Madhumita Patel, Jin Kyung Park, Byeongmoon Jeong

Research output: Contribution to journalArticlepeer-review

16 Scopus citations

Abstract

Background: A medium containing dimethyl sulfoxide (DMSO) (10% v/v) is most widely used for cell cryopreservation at –196 °C. However, residual DMSO consistently raises concerns because of its toxicity; thus, its complete removal process is required. Method: As biocompatible polymers approved by the Food and Drug Administration for various biomedical applications for humans, poly(ethylene glycol)s (PEGs) with various molecular weights (400, 600, 1 K, 1.5 K, 5 K, 10 K, and 20 K Da) were studied as a cryoprotectant of mesenchymal stem cells (MSCs). Considering the cell permeability difference of PEGs depending on their molecular weight, the cells were preincubated for 0 h (no incubation), 2 h, and 4 h at 37 °C in the presence of PEGs at 10 wt.% before cryopreservation at –196 °C for 7 days. Then, cell recovery was assayed. Results: We found that low molecular weight PEGs (400 and 600 Da) exhibit excellent cryoprotecting properties by 2 h preincubation, whereas intermediate molecular weight PEGs (1 K, 1.5 K, and 5 K Da) exhibit their cryoprotecting properties without preincubation.
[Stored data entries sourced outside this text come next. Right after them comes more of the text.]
(* If u(t0, x0) exceeded K, the penalized function with eps, delta small
   would exceed K' = K + (u(t0, x0) - K)/4 at time t0, hence touch K' for a
   first time, which is impossible. *)
Theorem maximum_principle : forall x, u t0 x <= K.
Proof.
  intros x0. apply Rnot_lt_le. intros Hx0.
  set (d := u t0 x0 - K).
  assert (Hd : 0 < d) by (unfold d; lra).
  set (K' := K + d / 4).
  destruct (small_positive_multiplier t0 (d / 4) Ht0 ltac:(lra)) as [eps [Heps Heps_t0]].
  assert (HBK' : K' < B).
  { pose proof (HB t0 x0 ltac:(lra)). pose proof (Rle_abs (u t0 x0)). unfold K', d in *. lra. }
  destruct (small_positive_multiplier (x0 * x0 + 4 * (Bc * Bc + 1) * (B - K' + 1))
              (Rmin (d / 4) (eps * eps)) ltac:(nra)
              ltac:(apply Rmin_pos; nra)) as [delta [Hdelta Hdelta_small]].
  pose proof (Rmin_l (d / 4) (eps * eps)). pose proof (Rmin_r (d / 4) (eps * eps)).
  assert (Hsq0 : 0 <= x0 * x0) by nra.
  assert (Hpos : 0 <= 4 * (Bc * Bc + 1) * (B - K' + 1)) by nra.
  set (L := (Rabs B + Rabs K') / delta + 1).
  assert (Hstart : forall x, penalized eps delta 0 x < K').
  { intros x. unfold penalized. pose proof (Hinit x).
    assert (0 <= delta * (x * x)) by nra. unfold K'. lra. }
  assert (Hcont : forall t x, 0 <= t <= t0 -> continuity_pt (penalized eps delta t) x).
  { intros t x Ht.
    exact (is_derive_continuity_pt _ _ _ (penalized_space_derivative eps delta t x Ht)). }
  assert (Hpen_pos : 0 <= delta * (4 * (Bc * Bc + 1) * (B - K' + 1))) by nra.
  assert (Hexceed : K' < penalized eps delta t0 x0) by (unfold penalized, K', d in *; nra).
  destruct (first_touch (penalized eps delta) t0 K' (Lt + eps) L ltac:(lra) Hstart
              (penalized_lipschitz eps delta Heps) Hcont
              (fun t x Ht Hx => penalized_tail eps delta K' t x Heps Hdelta Ht Hx)
              x0 Ht0 Hexceed) as (t1 & x1 & Ht1 & Htouch & Hbelow).
  apply (penalized_no_first_touch eps delta K' t1 x1); try assumption.
  - unfold K'. lra.
  - nra.
Qed.

End MaximumPrinciple.

Lemma le_sup_fun (g : R -> R) (M : R) :
  (forall x, Rabs (g x) <= M) -> forall x, g x <= sup_fun g.
Proof.
  intros HM x. unfold sup_fun.
  destruct (Lub_Rbar_correct (fun y => exists z, y = g z)) as [Hub Hleast].
  pose proof (Hub (g x) (ex_intro _ x eq_refl)) as Hgx.
  assert (Hfin : Rbar_le (Lub_Rbar (fun y => exists z, y = g z)) M).
  { apply Hleast. intros y [z ->]. simpl. apply (Rabs_le_between (g z) M), HM. }
  destruct (Lub_Rbar _); simpl in *; tauto.
Qed.

Lemma inf_fun_le (g : R -> R) (M : R) :
  (forall x, Rabs (g x) <= M) -> forall x, inf_fun g <= g x.
Proof.
  intros HM x. unfold inf_fun.
  destruct (Glb_Rbar_correct (fun y => exists z, y = g z)) as [Hlb Hgreatest].
  pose proof (Hlb (g x) (ex_intro _ x eq_refl)) as Hgx.
  assert (Hfin : Rbar_le (- M) (Glb_Rbar (fun y => exists z, y = g z))).
  { apply Hgreatest. intros y [z ->]. simpl. apply (Rabs_le_between (g z) M), HM. }
  destruct (Glb_Rbar _); simpl in *; tauto.
Qed.

Section ClassicalSolution.

Variables (f : R -> R) (T : R) (rho0 u0 : R -> R) (rho u : R -> R -> R).
Hypothesis Hsol : classical_solution f T rho0 u0 rho u.
Hypothesis Hfc : continuity f.
Hypothesis Hrho : forall t x, 0 <= t < T -> 0 <= rho t x.

(* On every slab [0, t0] x R with t0 < T, u is bounded and Lipschitz in
   time: by the equation u_t = rho (f(u) - u) - u u_x, where rho, u, u_x are
   bounded and f is bounded on the range of u. *)
Lemma solution_on_slab (t0 : R) :
  0 <= t0 < T ->
  exists (ut ux : R -> R -> R) (Lt B : R),
    0 <= Lt /\
    (forall t x, 0 < t <= t0 -> is_derive (fun s => u s x) t (ut t x)) /\
    (forall t x, 0 <= t <= t0 -> is_derive (fun y => u t y) x (ux t x)) /\
    (forall s t x, 0 <= s <= t0 -> 0 <= t <= t0 ->
       Rabs (u s x - u t x) <= Lt * Rabs (s - t)) /\
    (forall t x, 0 <= t <= t0 -> Rabs (u t x) <= B) /\
    (forall t x, 0 < t <= t0 ->
       ut t x + u t x * ux t x = rho t x * (f (u t x) - u t x)) /\
    (forall x, u 0 x = u0 x).
Proof.
  intros Ht0.
  destruct Hsol as (rt & rx & ut & ux & _ & Hcu & _ & _ & _ & _ & _ & Hdut & _ & Hdux & _
                    & Heq & _ & Hinit & Hbd).
  destruct (Hbd t0 Ht0) as [[Br HBr] [[Bu HBu] [_ [Bux HBux]]]].
  assert (Hslab0 : 0 <= 0 <= t0) by lra.
  pose proof (Rle_trans _ _ _ (Rabs_pos _) (HBr 0 0 Hslab0)) as HBr0.
  pose proof (Rle_trans _ _ _ (Rabs_pos _) (HBu 0 0 Hslab0)) as HBu0.
  pose proof (Rle_trans _ _ _ (Rabs_pos _) (HBux 0 0 Hslab0)) as HBux0.
  destruct (continuity_ab_maj (fun w => Rabs (f w)) (- Bu) Bu ltac:(lra)) as [m [Hm _]].
  { intros w _. apply (continuity_pt_comp f Rabs), Rcontinuity_abs. apply Hfc. }
  set (Lt := Bu * Bux + Br * (Rabs (f m) + Bu)).
  assert (HLt : 0 <= Lt) by (pose proof (Rabs_pos (f m)); unfold Lt; nra).
  assert (Hrate : forall t x, 0 < t <= t0 -> Rabs (ut t x) <= Lt).
  { intros t x Ht.
    assert (Hslab : 0 <= t <= t0) by lra.
    replace (ut t x) with (rho t x * (f (u t x) - u t x) - u t x * ux t x)
      by (specialize (Heq t x ltac:(lra)); lra).
    pose proof (HBr t x Hslab). pose proof (HBu t x Hslab). pose proof (HBux t x Hslab).
    assert (Hf : Rabs (f (u t x)) <= Rabs (f m)) by (apply Hm, Rabs_le_between; auto).
    assert (Hgap : Rabs (f (u t x) - u t x) <= Rabs (f m) + Bu).
    { eapply Rle_trans; [apply Rabs_triang |]. rewrite Rabs_Ropp. lra. }
    eapply Rle_trans; [apply Rabs_triang |]. rewrite Rabs_Ropp, !Rabs_mult.
    assert (Rabs (rho t x) * Rabs (f (u t x) - u t x) <= Br * (Rabs (f m) + Bu))
      by (apply Rmult_le_compat; auto using Rabs_pos).
    assert (Rabs (u t x) * Rabs (ux t x) <= Bu * Bux)
      by (apply Rmult_le_compat; auto using Rabs_pos).
    unfold Lt. lra. }
  exists ut, ux, Lt, Bu.
  split; [exact HLt |].
  split; [intros t x Ht; apply Hdut; lra |].
  split; [intros t x Ht; apply Hdux; lra |].
  split; [| split; [exact HBu | split; [intros t x Ht; apply Heq; lra | exact Hinit]]].
  intros s t x. apply (lipschitz_in_time (fun r => u r x) (fun r => ut r x)); [| | exact HLt |].
  - intros r Hr. apply Hdut. lra.
  - intros r Hr. apply Hrate, Hr.
  - intros eps Heps. destruct (Hcu 0 x ltac:(lra) eps Heps) as [del [Hdel Hclose]].
    exists del. split; [exact Hdel |]. intros r Hr Hrdel.
    apply Hclose; [lra | rewrite Rminus_0_r, Rabs_right; lra |].
    rewrite Rminus_diag, Rabs_R0. lra.
Qed.

(* If f(v) <= v above K and u0 <= K, then u <= K: u_t + u u_x <= 0 where
   u > K, so the maximum principle applies with c = u. *)
Lemma solution_upper_bound (K t x : R) :
  (forall y, u0 y <= K) -> (forall w, K < w -> f w <= w) -> 0 <= t < T -> u t x <= K.
Proof.
  intros HK Hsign Ht.
  destruct (solution_on_slab t Ht)
    as (ut & ux & Lt & B & HLt & Hut & Hux & Hlip & HB & Heq & Hinit).
  apply (maximum_principle u ut ux u t K Lt B B); auto; [lra | |].
  - intros y. rewrite Hinit. apply HK.
  - intros s y Hs Habove. rewrite Heq by exact Hs.
    assert (0 <= rho s y) by (apply Hrho; lra).
    pose proof (Hsign _ Habove). nra.
Qed.

(* If f(v) >= v below K and u0 >= K, then u >= K: apply the maximum
   principle to -u, which satisfies (-u)_t + u (-u)_x <= 0 where u < K. *)
Lemma solution_lower_bound (K t x : R) :
  (forall y, K <= u0 y) -> (forall w, w < K -> w <= f w) -> 0 <= t < T -> K <= u t x.
Proof.
  intros HK Hsign Ht.
  destruct (solution_on_slab t Ht)
    as (ut & ux & Lt & B & HLt & Hut & Hux & Hlip & HB & Heq & Hinit).
  enough (- u t x <= - K) by lra.
  apply (maximum_principle (fun s y => - u s y) (fun s y => - ut s y) (fun s y => - ux s y) u
           t (- K) Lt B B); [lra | | | exact HLt | | | exact HB | |].
  - intros s y Hs. apply is_derive_Reals, (derivable_pt_lim_opp (fun r => u r y)).
    apply is_derive_Reals, Hut, Hs.
  - intros s y Hs. apply is_derive_Reals, (derivable_pt_lim_opp (fun r => u s r)).
    apply is_derive_Reals, Hux, Hs.
  - intros r s y Hr Hs. replace (- u r y - - u s y) with (- (u r y - u s y)) by ring.
    rewrite Rabs_Ropp. apply Hlip; assumption.
  - intros s y Hs. rewrite Rabs_Ropp. apply HB, Hs.
  - intros y. rewrite Hinit. pose proof (HK y). lra.
  - intros s y Hs Hbelow. pose proof (Heq s y Hs) as Heqs.
    assert (0 <= rho s y) by (apply Hrho; lra).
    pose proof (Hsign (u s y) ltac:(lra)). nra.
Qed.

End ClassicalSolution.

Theorem mainTheorem5
  (f : R -> R) (Hsmooth : smooth f)
  (Hfinite : exists l : list R, forall v, f v = v <-> In v l)
  (u1 uN : R)
  (Hu1 : f u1 = u1) (HuN : f uN = uN)
  (Hmin : forall v, f v = v -> u1 <= v)
  (Hmax : forall v, f v = v -> v <= uN)
  (Hd1 : Derive f u1 < 1) (HdN : Derive f uN < 1)
  (T : R) (HT : 0 < T)
  (rho0 u0 : R -> R)
  (Hrho0 : forall x, 0 <= rho0 x)
  (Hu0 : exists M, forall x, Rabs (u0 x) <= M)
  (rho u : R -> R -> R)
  (Hsol : classical_solution f T rho0 u0 rho u)
  (Hrho : forall t x, 0 <= t < T -> 0 <= rho t x) :
  forall t x, 0 <= t < T ->
    Rmin (inf_fun u0) u1 <= u t x <= Rmax (sup_fun u0) uN.
Proof.
  intros t x Ht.
  destruct Hu0 as [M HM].
  assert (Hfd : forall w, is_derive f w (Derive f w)).
  { intros w. apply Derive_correct, (Hsmooth 0%nat w). }
  assert (Hfc : continuity f).
  { intros w. exact (is_derive_continuity_pt f w _ (Hfd w)). }
  split.
  - apply (solution_lower_bound f T rho0 u0 rho u Hsol Hfc Hrho); [| | exact Ht].
    + intros y. pose proof (inf_fun_le u0 M HM y). pose proof (Rmin_l (inf_fun u0) u1). lra.
    + intros w Hw. apply Rlt_le, (fixed_points_below f u1 (Derive f u1)); auto.
      pose proof (Rmin_r (inf_fun u0) u1). lra.
  - apply (solution_upper_bound f T rho0 u0 rho u Hsol Hfc Hrho); [| | exact Ht].
    + intros y. pose proof (le_sup_fun u0 M HM y). pose proof (Rmax_l (sup_fun u0) uN). lra.
    + intros w Hw. apply Rlt_le, (fixed_points_above f uN (Derive f uN)); auto.
      pose proof (Rmax_r (sup_fun u0) uN). lra.
Qed.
High molecular weight PEGs (10 K and 20 K Da) were ineffective as cryoprotectants for MSCs. Studies on ice recrystallization inhibition (IRI), ice nucleation inhibition (INI), membrane stabilization, and intracellular transport of PEGs suggest that low molecular weight PEGs (400 and 600 Da) exhibit excellent intracellular transport properties, and thus the internalized PEGs during preincubation contribute to the cryoprotection. Intermediate molecular weight PEGs (1 K, 1.5 K, and 5 K Da) worked by extracellular PEGs through IRI, INI, as well as partly internalized PEGs. High molecular weight PEGs (10 K and 20 K Da) killed the cells during preincubation and were ineffective as cryoprotectants. Conclusions: PEGs can be used as cryoprotectants. However, the detailed procedures, including preincubation, should consider the effect of the molecular weight of PEGs. The recovered cells well proliferated and underwent osteo/chondro/adipogenic differentiation similar to the MSCs recovered from the traditional DMSO 10% system. Graphical Abstract: [Figure not available: see fulltext.].

Original languageEnglish
Article number17
JournalBiomaterials Research
Volume27
Issue number1
DOIs
StatePublished - Dec 2023

Bibliographical note

Funding Information:
The authors acknowledge the support from the National Research Foundation (NRF) of Korea and Ewha Womans University.

Funding Information:
This research was supported by the National Research Foundation (NRF) of Korea grant funded by the Korea government (MSIP) (Grant number: 2022M3C1C3094938, 2020R1A2C2007101, 2017R1A5A1015365). The paper (Madhumita Patel) was supported by the RP-Grant 2021 of Ewha Womans University.

Publisher Copyright:
© 2023, The Author(s).

Keywords

  • Cryoprotection
  • Ice recrystallization
  • Molecular weight
  • Permeability
  • Poly(ethylene glycol)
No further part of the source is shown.